May Sabe Phyu, director of the Yangon-based Gender Equality Network, said the internet shutdown had created fear and insecurity as people were unable to contact and communicate with those outside the country – and that people would get angrier if it continued.
Myanmar coup: thousands protest amid fear of night arrests, security patrols
She said young people and protesters would go on until the military leaders returned power to the NLD. “How long it will take we don’t exactly know, but we will fight until we win.”
On the association with the Milk Tea Alliance, Phya said it was helpful for the movement as the regional support and the people power it generated would apply further pressure on the military.
“The space for the junta is now getting narrower since people are united regionally and globally [against the coup),” she said, adding that the military should be censured internationally. “The world should not just sit back and watch innocent people killed by the military.”
However, Farrelly from the University of Tasmania said in the past, the country’s generals had proved unresponsive to international pressure, whether in terms of sanctions, threats, or criticism.
Thammasat University’s Thame said the military was aware that a bloody crackdown such as those that took place in 1988 and 2007 “would hasten nascent revolutionary conditions”.
“That’s why they are taking a leaf out of the playbook of more sophisticated authoritarian states such as those of China and Thailand with the cybersecurity bill,” he said, referring to the first piece of legislation the army is looking to pass. Human Rights Watch said the bill would give authorities “sweeping powers to access user data, block websites, order internet shutdowns and imprison critics and officials at non-complying companies”.

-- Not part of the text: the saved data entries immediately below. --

(* Let $n\ge1$ and let $A_n(1)$ be the $n\times(2n-1)$ matrix $\big[\binom{n+k-1-i}{k-i}\big]_{1\le i\le n,\,1\le k\le 2n-1}$ (with $\binom{m}{j}=0$ for $j<0$). For a strictly increasing map $\sigma:\{1,\ldots,n\}\to\{1,\ldots,2n-1\}$, let $\mathrm A_\sigma(1)$ be the $n\times n$ minor of $A_n(1)$ formed by the columns $\sigma_1<\cdots<\sigma_n$, and let $\tilde\sigma$ be the strictly increasing map $\tilde\sigma_i=2n-\sigma_{n+1-i}$. Then $\mathrm A_\sigma(1)=\mathrm A_{\tilde\sigma}(1)>0$. *)

From mathcomp Require Import all_boot all_order all_algebra.
Set Implicit Arguments. Unset Strict Implicit. Unset Printing Implicit Defensive.
Import Order.TTheory GRing.Theory Num.Theory.
Local Open Scope ring_scope.

(* Indices are 0-based: row i : 'I_n stands for the paper's i+1,
   column k : 'I_(2n-1) for the paper's k+1.  The paper's entry
   binom(n+k-1-i, k-i) (0 when k<i) becomes, in 0-based indices,
   binom(n-1+(k-i), k-i) when i <= k and 0 otherwise. *)
Definition A1 (n : nat) : 'M[int]_(n, 2 * n - 1) :=
  \matrix_(i < n, k < 2 * n - 1)
    (if (i <= k)%N then ('C(n.-1 + (k - i), k - i))%:Z else 0).

Definition Aminor (n : nat) (sigma : 'I_n -> 'I_(2 * n - 1)) : 'M[int]_n :=
  colsub sigma (A1 n).

(* tilde sigma_i = 2n - sigma_{n+1-i} (1-based); 0-based this is
   (2n-2) - sigma(n-1-i) = rev_ord (sigma (rev_ord i)). *)
Definition sigma_tilde (n : nat) (sigma : 'I_n -> 'I_(2 * n - 1)) :
  'I_n -> 'I_(2 * n - 1) := fun i => rev_ord (sigma (rev_ord i)).

(* Row i of A1 n is the evaluation, at the column indices, of the degree
   n-1 polynomial P_i(x) = binom(x - i + n - 1, n - 1), which vanishes at
   x = i-n+1, ..., i-1.  Hence every n x n minor factors as det C times the
   Vandermonde product of its columns, where C is the coefficient matrix of
   the P_i.  The leftmost minor is unitriangular, so det C > 0, and the
   Vandermonde product is positive and invariant under the reflection
   k |-> 2n-2-k, which maps sigma to sigma_tilde. *)
From mathcomp Require Import all_boot all_order all_algebra.
From mathcomp Require Import ring zify.
Set Implicit Arguments. Unset Strict Implicit. Unset Printing Implicit Defensive.
Import Order.TTheory GRing.Theory Num.Theory.
Local Open Scope ring_scope.

Definition vandermonde_prod (R : pzRingType) n (x : 'I_n -> R) : R :=
  \prod_(i < n) \prod_(j < n | (i < j)%N) (x j - x i).

Lemma eq_vandermonde_prod (R : pzRingType) n (x y : 'I_n -> R) :
  x =1 y -> vandermonde_prod x = vandermonde_prod y.
Proof. by move=> exy; apply: eq_bigr => i _; apply: eq_bigr => j _; rewrite !exy. Qed.

Lemma vandermonde_prod_gt0 (R : numDomainType) n (x : 'I_n -> R) :
  {homo x : i j / (i < j)%N >-> i < j} -> 0 < vandermonde_prod x.
Proof.
move=> x_incr; apply: prodr_gt0 => i _; apply: prodr_gt0 => j ij.
by rewrite subr_gt0 x_incr.
Qed.

Lemma vandermonde_prod_reflect (R : comPzRingType) n (c : R) (x : 'I_n -> R) :
  vandermonde_prod (fun j => c - x (rev_ord j)) = vandermonde_prod x.
Proof.
rewrite /vandermonde_prod !(pair_big_dep xpredT (fun i j : 'I_n => (i < j)%N)) /=.
pose swap_rev (p : 'I_n * 'I_n) := (rev_ord p.2, rev_ord p.1).
have swap_revK : involutive swap_rev by case=> a b; rewrite /swap_rev /= !rev_ordK.
rewrite (reindex_inj (inv_inj swap_revK)) /=.
apply: eq_big => [[a b]|[a b] _] /=; rewrite ?rev_ordK; last by ring.
by have := ltn_ord a; have := ltn_ord b; lia.
Qed.

Lemma det_mx_horner (R : comNzRingType) n (p : 'I_n -> {poly R}) (x : 'I_n -> R) :
  (forall i, (size (p i) <= n)%N) ->
  \det (\matrix_(i, j) (p i).[x j]) =
  \det (\matrix_(i, k < n) (p i)`_k) * vandermonde_prod x.
Proof.
move=> size_p.
have -> : \matrix_(i, j) (p i).[x j] =
          \matrix_(i, k < n) (p i)`_k *m Vandermonde n (\row_j x j).
  apply/matrixP => i j; rewrite !mxE (horner_coef_wide _ (size_p i)).
  by apply: eq_bigr => k _; rewrite !mxE.
rewrite det_mulmx det_Vandermonde; congr (_ * _).
by apply: eq_bigr => i _; apply: eq_bigr => j _; rewrite !mxE.
Qed.

(* The product is the rising factorial (k-i+1)(k-i+2)...(k-i+N), which
   contains the factor 0 exactly when k < i <= N. *)
Lemma prod_shifted_rising (N i k : nat) : (i <= N)%N ->
  \prod_(m < N) ((k%:R : rat) - (i%:R - m.+1%:R)) =
  (if (i <= k)%N then ('C(N + (k - i), k - i) * N`!)%N%:R else 0).
Proof.
move=> le_iN; case: leqP => [le_ik|lt_ki].
  rewrite -{2}(addKn N (k - i)%N) bin_sub ?leq_addr // bin_ffact ffact_prod.
  rewrite natr_prod (reindex_inj rev_ord_inj); apply: eq_bigr => m _ /=.
  have lt_mN := ltn_ord m.
  have -> : (N - m.+1).+1 = (N - m)%N by lia.
  have le_mNki : (m <= N + (k - i))%N by lia.
  by rewrite (natrB _ (ltnW lt_mN)) (natrB _ le_mNki) natrD (natrB _ le_ik); ring.
have lt_ikN : (i - k.+1 < N)%N by lia.
rewrite (bigD1 (Ordinal lt_ikN)) //= [X in X * _](_ : _ = 0) ?mul0r //.
have -> : (i - k.+1).+1 = (i - k)%N by lia.
by rewrite (natrB _ (ltnW lt_ki)); ring.
Qed.

Definition binomial_poly (N i : nat) : {poly rat} :=
  (N`!%:R)^-1 *: \prod_(m < N) ('X - (i%:R - m.+1%:R)%:P).

Lemma binomial_poly_nat (N i k : nat) : (i <= N)%N ->
  (binomial_poly N i).[k%:R] =
  (if (i <= k)%N then 'C(N + (k - i), k - i) else 0)%N%:R.
Proof.
move=> le_iN; rewrite hornerZ horner_prod.
under eq_bigr do rewrite hornerXsubC.
rewrite prod_shifted_rising //; case: ifP => _; rewrite ?mulr0 // natrM mulrCA.
by rewrite mulVf ?mulr1 // pnatr_eq0 -lt0n fact_gt0.
Qed.

Lemma size_binomial_poly (N i : nat) : (size (binomial_poly N i) <= N.+1)%N.
Proof.
rewrite (leq_trans (size_scale_leq _ _)) // size_prod_XsubC.
by rewrite /index_enum unlock -enumT size_enum_ord.
Qed.

Definition binomial_coef_mx n : 'M[rat]_n :=
  \matrix_(i < n, k < n) (binomial_poly n.-1 i)`_k.

Lemma det_Aminor n (sigma : 'I_n -> 'I_(2 * n - 1)) : (1 <= n)%N ->
  (\det (Aminor sigma))%:~R =
  \det (binomial_coef_mx n) * vandermonde_prod (fun j => (sigma j : nat)%:R).
Proof.
move=> n_gt0; rewrite -det_map_mx -det_mx_horner => [|i].
  congr (\det _); apply/matrixP => i j; rewrite !mxE binomial_poly_nat.
    by case: ifP.
  by rewrite -ltnS prednK.
by rewrite (leq_trans (size_binomial_poly _ _)) // prednK.
Qed.

Lemma det_Aminor_first_columns n (le_n_2n1 : (n <= 2 * n - 1)%N) :
  \det (Aminor (widen_ord le_n_2n1)) = 1.
Proof.
rewrite -det_tr det_trig.
  by apply: big1 => i _; rewrite !mxE /= leqnn subnn addn0 bin0.
by apply/is_trig_mxP => i j lt_ij; rewrite !mxE /=; case: leqP => //; lia.
Qed.

Lemma det_binomial_coef_mx_gt0 n : (1 <= n)%N -> 0 < \det (binomial_coef_mx n).
Proof.
move=> n_gt0; have le_n_2n1 : (n <= 2 * n - 1)%N by lia.
have := det_Aminor (widen_ord le_n_2n1) n_gt0.
rewrite det_Aminor_first_columns => det_eq.
have vdm_gt0 : 0 < vandermonde_prod (fun j => (widen_ord le_n_2n1 j : nat)%:R : rat).
  by apply: vandermonde_prod_gt0 => i j; rewrite ltr_nat.
by rewrite -(pmulr_lgt0 _ vdm_gt0) -det_eq.
Qed.

Theorem proposition5 (n : nat) (hn : (1 <= n)%N)
  (sigma : 'I_n -> 'I_(2 * n - 1))
  (hsigma : forall i j : 'I_n, (i < j)%N -> (sigma i < sigma j)%N) :
  \det (Aminor sigma) = \det (Aminor (sigma_tilde sigma)) /\
  0 < \det (Aminor sigma).
Proof.
split.
  apply: (@intr_inj rat); rewrite !det_Aminor //; congr (_ * _).
  rewrite -[RHS](vandermonde_prod_reflect ((2 * n - 2)%N%:R)).
  apply: eq_vandermonde_prod => j; rewrite /sigma_tilde /= rev_ordK.
  have lt_sigma := ltn_ord (sigma j).
  by rewrite -natrB; [congr (_%:R); lia | lia].
rewrite -(ltr0z rat) det_Aminor // mulr_gt0 ?det_binomial_coef_mx_gt0 //.
by apply: vandermonde_prod_gt0 => i j lt_ij; rewrite ltr_nat hsigma.
Qed.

Su-Ann Oh, a visiting fellow of the Myanmar Studies Programme at Singapore’s ISEAS-Yusof Ishak Institute, wrote in an article published by the institute on Monday that the ongoing anti-coup protests were qualitatively different and posed a bigger challenge to Myanmar’s military rulers than earlier protest movements.
She said the scale and nature of the ongoing civil disobedience were unprecedented due to economic changes over the past decade, such as increasing urbanisation and expanded opportunities for political participation.
“The NLD, other political parties, and civil society organisations have spent this time organising the public, which now believes more strongly that they can make a difference politically,” Oh wrote.